------ Data to examine
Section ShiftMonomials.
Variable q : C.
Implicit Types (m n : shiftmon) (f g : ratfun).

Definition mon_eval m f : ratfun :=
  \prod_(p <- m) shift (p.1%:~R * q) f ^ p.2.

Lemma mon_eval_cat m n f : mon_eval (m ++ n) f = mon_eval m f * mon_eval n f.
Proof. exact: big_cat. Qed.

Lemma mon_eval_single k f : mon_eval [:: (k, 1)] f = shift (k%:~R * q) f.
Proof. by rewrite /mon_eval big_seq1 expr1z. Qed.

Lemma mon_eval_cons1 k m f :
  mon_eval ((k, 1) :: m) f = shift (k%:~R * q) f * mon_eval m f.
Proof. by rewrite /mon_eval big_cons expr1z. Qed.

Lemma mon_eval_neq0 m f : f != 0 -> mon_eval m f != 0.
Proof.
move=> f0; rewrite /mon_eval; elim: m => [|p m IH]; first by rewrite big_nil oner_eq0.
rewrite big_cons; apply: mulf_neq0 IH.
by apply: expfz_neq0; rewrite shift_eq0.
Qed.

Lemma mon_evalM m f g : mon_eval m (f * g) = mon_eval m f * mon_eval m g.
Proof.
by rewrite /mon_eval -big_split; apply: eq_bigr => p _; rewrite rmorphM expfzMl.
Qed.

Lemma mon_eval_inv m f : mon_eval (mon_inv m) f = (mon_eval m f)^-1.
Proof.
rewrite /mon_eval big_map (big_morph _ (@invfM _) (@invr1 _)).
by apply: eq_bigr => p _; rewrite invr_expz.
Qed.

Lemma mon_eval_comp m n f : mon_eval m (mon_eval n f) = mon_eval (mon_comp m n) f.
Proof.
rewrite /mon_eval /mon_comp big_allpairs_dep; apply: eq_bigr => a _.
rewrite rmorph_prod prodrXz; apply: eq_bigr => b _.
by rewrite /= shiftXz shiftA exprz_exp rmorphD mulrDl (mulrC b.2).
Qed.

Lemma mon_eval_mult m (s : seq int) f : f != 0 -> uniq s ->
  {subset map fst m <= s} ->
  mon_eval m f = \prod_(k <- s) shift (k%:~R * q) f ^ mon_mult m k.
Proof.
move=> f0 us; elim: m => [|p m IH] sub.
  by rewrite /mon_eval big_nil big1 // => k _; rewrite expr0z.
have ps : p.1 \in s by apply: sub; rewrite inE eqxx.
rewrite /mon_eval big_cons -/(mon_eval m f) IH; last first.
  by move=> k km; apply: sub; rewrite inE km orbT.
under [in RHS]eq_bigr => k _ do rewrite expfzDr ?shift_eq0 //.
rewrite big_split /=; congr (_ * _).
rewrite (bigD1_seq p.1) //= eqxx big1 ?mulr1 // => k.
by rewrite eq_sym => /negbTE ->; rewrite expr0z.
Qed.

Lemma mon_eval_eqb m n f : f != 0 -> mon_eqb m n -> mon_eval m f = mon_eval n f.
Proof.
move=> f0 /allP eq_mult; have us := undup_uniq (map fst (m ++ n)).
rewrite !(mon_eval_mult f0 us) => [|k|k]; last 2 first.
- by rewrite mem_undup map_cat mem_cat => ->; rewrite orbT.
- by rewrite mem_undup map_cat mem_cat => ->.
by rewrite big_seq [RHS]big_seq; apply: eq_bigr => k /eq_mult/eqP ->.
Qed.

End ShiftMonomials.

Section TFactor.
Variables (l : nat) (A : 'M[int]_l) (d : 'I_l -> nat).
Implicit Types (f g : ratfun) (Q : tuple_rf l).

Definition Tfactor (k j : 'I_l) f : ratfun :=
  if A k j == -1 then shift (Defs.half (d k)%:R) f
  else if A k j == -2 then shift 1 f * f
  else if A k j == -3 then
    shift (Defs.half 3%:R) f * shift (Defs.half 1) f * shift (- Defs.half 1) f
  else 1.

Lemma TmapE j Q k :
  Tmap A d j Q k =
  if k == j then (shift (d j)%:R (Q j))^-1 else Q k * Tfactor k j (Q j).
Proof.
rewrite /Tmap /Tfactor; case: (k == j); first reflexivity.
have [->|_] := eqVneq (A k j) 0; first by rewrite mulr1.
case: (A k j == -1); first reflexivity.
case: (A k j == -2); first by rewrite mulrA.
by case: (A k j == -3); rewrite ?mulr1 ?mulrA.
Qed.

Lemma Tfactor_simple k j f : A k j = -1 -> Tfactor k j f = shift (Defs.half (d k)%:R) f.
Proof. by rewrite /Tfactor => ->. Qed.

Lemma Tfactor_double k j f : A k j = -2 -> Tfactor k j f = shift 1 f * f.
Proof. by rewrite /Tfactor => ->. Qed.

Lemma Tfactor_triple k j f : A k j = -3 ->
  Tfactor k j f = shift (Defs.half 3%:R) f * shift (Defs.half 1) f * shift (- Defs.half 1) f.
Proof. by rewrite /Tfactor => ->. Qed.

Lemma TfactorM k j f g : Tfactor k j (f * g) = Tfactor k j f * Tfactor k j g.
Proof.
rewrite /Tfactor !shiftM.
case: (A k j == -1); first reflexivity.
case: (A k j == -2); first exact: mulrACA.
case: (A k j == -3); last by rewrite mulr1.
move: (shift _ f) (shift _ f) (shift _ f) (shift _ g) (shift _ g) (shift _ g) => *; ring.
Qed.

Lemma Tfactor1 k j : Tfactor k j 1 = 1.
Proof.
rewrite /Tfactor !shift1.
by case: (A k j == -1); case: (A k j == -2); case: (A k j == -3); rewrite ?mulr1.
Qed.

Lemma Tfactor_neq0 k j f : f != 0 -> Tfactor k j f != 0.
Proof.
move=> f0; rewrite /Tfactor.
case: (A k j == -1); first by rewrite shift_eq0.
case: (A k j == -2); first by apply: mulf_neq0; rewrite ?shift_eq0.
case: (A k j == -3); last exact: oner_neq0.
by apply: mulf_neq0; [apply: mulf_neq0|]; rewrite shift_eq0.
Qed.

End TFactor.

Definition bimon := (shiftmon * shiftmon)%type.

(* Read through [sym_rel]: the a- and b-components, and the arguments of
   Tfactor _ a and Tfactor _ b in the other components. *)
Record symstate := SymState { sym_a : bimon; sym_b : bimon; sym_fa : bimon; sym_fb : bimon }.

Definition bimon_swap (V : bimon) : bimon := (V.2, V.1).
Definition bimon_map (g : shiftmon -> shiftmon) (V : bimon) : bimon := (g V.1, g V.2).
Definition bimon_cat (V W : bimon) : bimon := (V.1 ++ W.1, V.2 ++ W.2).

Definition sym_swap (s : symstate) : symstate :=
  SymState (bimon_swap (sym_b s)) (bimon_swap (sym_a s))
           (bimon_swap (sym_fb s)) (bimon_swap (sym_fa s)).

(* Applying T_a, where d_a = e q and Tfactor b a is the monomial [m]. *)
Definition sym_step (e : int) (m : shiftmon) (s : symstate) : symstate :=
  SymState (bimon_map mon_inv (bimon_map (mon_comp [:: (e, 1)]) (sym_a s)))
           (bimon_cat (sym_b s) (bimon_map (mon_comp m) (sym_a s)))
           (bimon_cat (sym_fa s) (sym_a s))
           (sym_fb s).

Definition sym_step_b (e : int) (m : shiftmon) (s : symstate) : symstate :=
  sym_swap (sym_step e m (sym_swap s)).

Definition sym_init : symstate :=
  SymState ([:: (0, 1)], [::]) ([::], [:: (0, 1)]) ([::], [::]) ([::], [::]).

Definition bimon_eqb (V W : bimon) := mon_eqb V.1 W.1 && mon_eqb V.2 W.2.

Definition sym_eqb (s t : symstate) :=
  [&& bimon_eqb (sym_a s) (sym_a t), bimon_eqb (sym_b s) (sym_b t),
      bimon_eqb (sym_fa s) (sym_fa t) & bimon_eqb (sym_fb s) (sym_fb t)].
------------
## What you will do
Each of the entries above is to be repeated exactly.

## Solved problem
Section ShiftMonomials.
Variable q : C.
Implicit Types (m n : shiftmon) (f g : ratfun).

Definition mon_eval m f : ratfun :=
  \prod_(p <- m) shift (p.1%:~R * q) f ^ p.2.

Lemma mon_eval_cat m n f : mon_eval (m ++ n) f = mon_eval m f * mon_eval n f.
Proof. exact: big_cat. Qed.

Lemma mon_eval_single k f : mon_eval [:: (k, 1)] f = shift (k%:~R * q) f.
Proof. by rewrite /mon_eval big_seq1 expr1z. Qed.

Lemma mon_eval_cons1 k m f :
  mon_eval ((k, 1) :: m) f = shift (k%:~R * q) f * mon_eval m f.
Proof. by rewrite /mon_eval big_cons expr1z. Qed.

Lemma mon_eval_neq0 m f : f != 0 -> mon_eval m f != 0.
Proof.
move=> f0; rewrite /mon_eval; elim: m => [|p m IH]; first by rewrite big_nil oner_eq0.
rewrite big_cons; apply: mulf_neq0 IH.
by apply: expfz_neq0; rewrite shift_eq0.
Qed.

Lemma mon_evalM m f g : mon_eval m (f * g) = mon_eval m f * mon_eval m g.
Proof.
by rewrite /mon_eval -big_split; apply: eq_bigr => p _; rewrite rmorphM expfzMl.
Qed.

Lemma mon_eval_inv m f : mon_eval (mon_inv m) f = (mon_eval m f)^-1.
Proof.
rewrite /mon_eval big_map (big_morph _ (@invfM _) (@invr1 _)).
by apply: eq_bigr => p _; rewrite invr_expz.
Qed.

Lemma mon_eval_comp m n f : mon_eval m (mon_eval n f) = mon_eval (mon_comp m n) f.
Proof.
rewrite /mon_eval /mon_comp big_allpairs_dep; apply: eq_bigr => a _.
rewrite rmorph_prod prodrXz; apply: eq_bigr => b _.
by rewrite /= shiftXz shiftA exprz_exp rmorphD mulrDl (mulrC b.2).
Qed.

Lemma mon_eval_mult m (s : seq int) f : f != 0 -> uniq s ->
  {subset map fst m <= s} ->
  mon_eval m f = \prod_(k <- s) shift (k%:~R * q) f ^ mon_mult m k.
Proof.
move=> f0 us; elim: m => [|p m IH] sub.
  by rewrite /mon_eval big_nil big1 // => k _; rewrite expr0z.
have ps : p.1 \in s by apply: sub; rewrite inE eqxx.
rewrite /mon_eval big_cons -/(mon_eval m f) IH; last first.
  by move=> k km; apply: sub; rewrite inE km orbT.
under [in RHS]eq_bigr => k _ do rewrite expfzDr ?shift_eq0 //.
rewrite big_split /=; congr (_ * _).
rewrite (bigD1_seq p.1) //= eqxx big1 ?mulr1 // => k.
by rewrite eq_sym => /negbTE ->; rewrite expr0z.
Qed.

Lemma mon_eval_eqb m n f : f != 0 -> mon_eqb m n -> mon_eval m f = mon_eval n f.
Proof.
move=> f0 /allP eq_mult; have us := undup_uniq (map fst (m ++ n)).
rewrite !(mon_eval_mult f0 us) => [|k|k]; last 2 first.
- by rewrite mem_undup map_cat mem_cat => ->; rewrite orbT.
- by rewrite mem_undup map_cat mem_cat => ->.
by rewrite big_seq [RHS]big_seq; apply: eq_bigr => k /eq_mult/eqP ->.
Qed.

End ShiftMonomials.

Section TFactor.
Variables (l : nat) (A : 'M[int]_l) (d : 'I_l -> nat).
Implicit Types (f g : ratfun) (Q : tuple_rf l).

Definition Tfactor (k j : 'I_l) f : ratfun :=
  if A k j == -1 then shift (Defs.half (d k)%:R) f
  else if A k j == -2 then shift 1 f * f
  else if A k j == -3 then
    shift (Defs.half 3%:R) f * shift (Defs.half 1) f * shift (- Defs.half 1) f
  else 1.

Lemma TmapE j Q k :
  Tmap A d j Q k =
  if k == j then (shift (d j)%:R (Q j))^-1 else Q k * Tfactor k j (Q j).
Proof.
rewrite /Tmap /Tfactor; case: (k == j); first reflexivity.
have [->|_] := eqVneq (A k j) 0; first by rewrite mulr1.
case: (A k j == -1); first reflexivity.
case: (A k j == -2); first by rewrite mulrA.
by case: (A k j == -3); rewrite ?mulr1 ?mulrA.
Qed.

Lemma Tfactor_simple k j f : A k j = -1 -> Tfactor k j f = shift (Defs.half (d k)%:R) f.
Proof. by rewrite /Tfactor => ->. Qed.

Lemma Tfactor_double k j f : A k j = -2 -> Tfactor k j f = shift 1 f * f.
Proof. by rewrite /Tfactor => ->. Qed.

Lemma Tfactor_triple k j f : A k j = -3 ->
  Tfactor k j f = shift (Defs.half 3%:R) f * shift (Defs.half 1) f * shift (- Defs.half 1) f.
Proof. by rewrite /Tfactor => ->. Qed.

Lemma TfactorM k j f g : Tfactor k j (f * g) = Tfactor k j f * Tfactor k j g.
Proof.
rewrite /Tfactor !shiftM.
case: (A k j == -1); first reflexivity.
case: (A k j == -2); first exact: mulrACA.
case: (A k j == -3); last by rewrite mulr1.
move: (shift _ f) (shift _ f) (shift _ f) (shift _ g) (shift _ g) (shift _ g) => *; ring.
Qed.

Lemma Tfactor1 k j : Tfactor k j 1 = 1.
Proof.
rewrite /Tfactor !shift1.
by case: (A k j == -1); case: (A k j == -2); case: (A k j == -3); rewrite ?mulr1.
Qed.

Lemma Tfactor_neq0 k j f : f != 0 -> Tfactor k j f != 0.
Proof.
move=> f0; rewrite /Tfactor.
case: (A k j == -1); first by rewrite shift_eq0.
case: (A k j == -2); first by apply: mulf_neq0; rewrite ?shift_eq0.
case: (A k j == -3); last exact: oner_neq0.
by apply: mulf_neq0; [apply: mulf_neq0|]; rewrite shift_eq0.
Qed.

End TFactor.

Definition bimon := (shiftmon * shiftmon)%type.

(* Read through [sym_rel]: the a- and b-components, and the arguments of
   Tfactor _ a and Tfactor _ b in the other components. *)
Record symstate := SymState { sym_a : bimon; sym_b : bimon; sym_fa : bimon; sym_fb : bimon }.

Definition bimon_swap (V : bimon) : bimon := (V.2, V.1).
Definition bimon_map (g : shiftmon -> shiftmon) (V : bimon) : bimon := (g V.1, g V.2).
Definition bimon_cat (V W : bimon) : bimon := (V.1 ++ W.1, V.2 ++ W.2).

Definition sym_swap (s : symstate) : symstate :=
  SymState (bimon_swap (sym_b s)) (bimon_swap (sym_a s))
           (bimon_swap (sym_fb s)) (bimon_swap (sym_fa s)).

(* Applying T_a, where d_a = e q and Tfactor b a is the monomial [m]. *)
Definition sym_step (e : int) (m : shiftmon) (s : symstate) : symstate :=
  SymState (bimon_map mon_inv (bimon_map (mon_comp [:: (e, 1)]) (sym_a s)))
           (bimon_cat (sym_b s) (bimon_map (mon_comp m) (sym_a s)))
           (bimon_cat (sym_fa s) (sym_a s))
           (sym_fb s).

Definition sym_step_b (e : int) (m : shiftmon) (s : symstate) : symstate :=
  sym_swap (sym_step e m (sym_swap s)).

Definition sym_init : symstate :=
  SymState ([:: (0, 1)], [::]) ([::], [:: (0, 1)]) ([::], [::]) ([::], [::]).

Definition bimon_eqb (V W : bimon) := mon_eqb V.1 W.1 && mon_eqb V.2 W.2.

Definition sym_eqb (s t : symstate) :=
  [&& bimon_eqb (sym_a s) (sym_a t), bimon_eqb (sym_b s) (sym_b t),
      bimon_eqb (sym_fa s) (sym_fa t) & bimon_eqb (sym_fb s) (sym_fb t)].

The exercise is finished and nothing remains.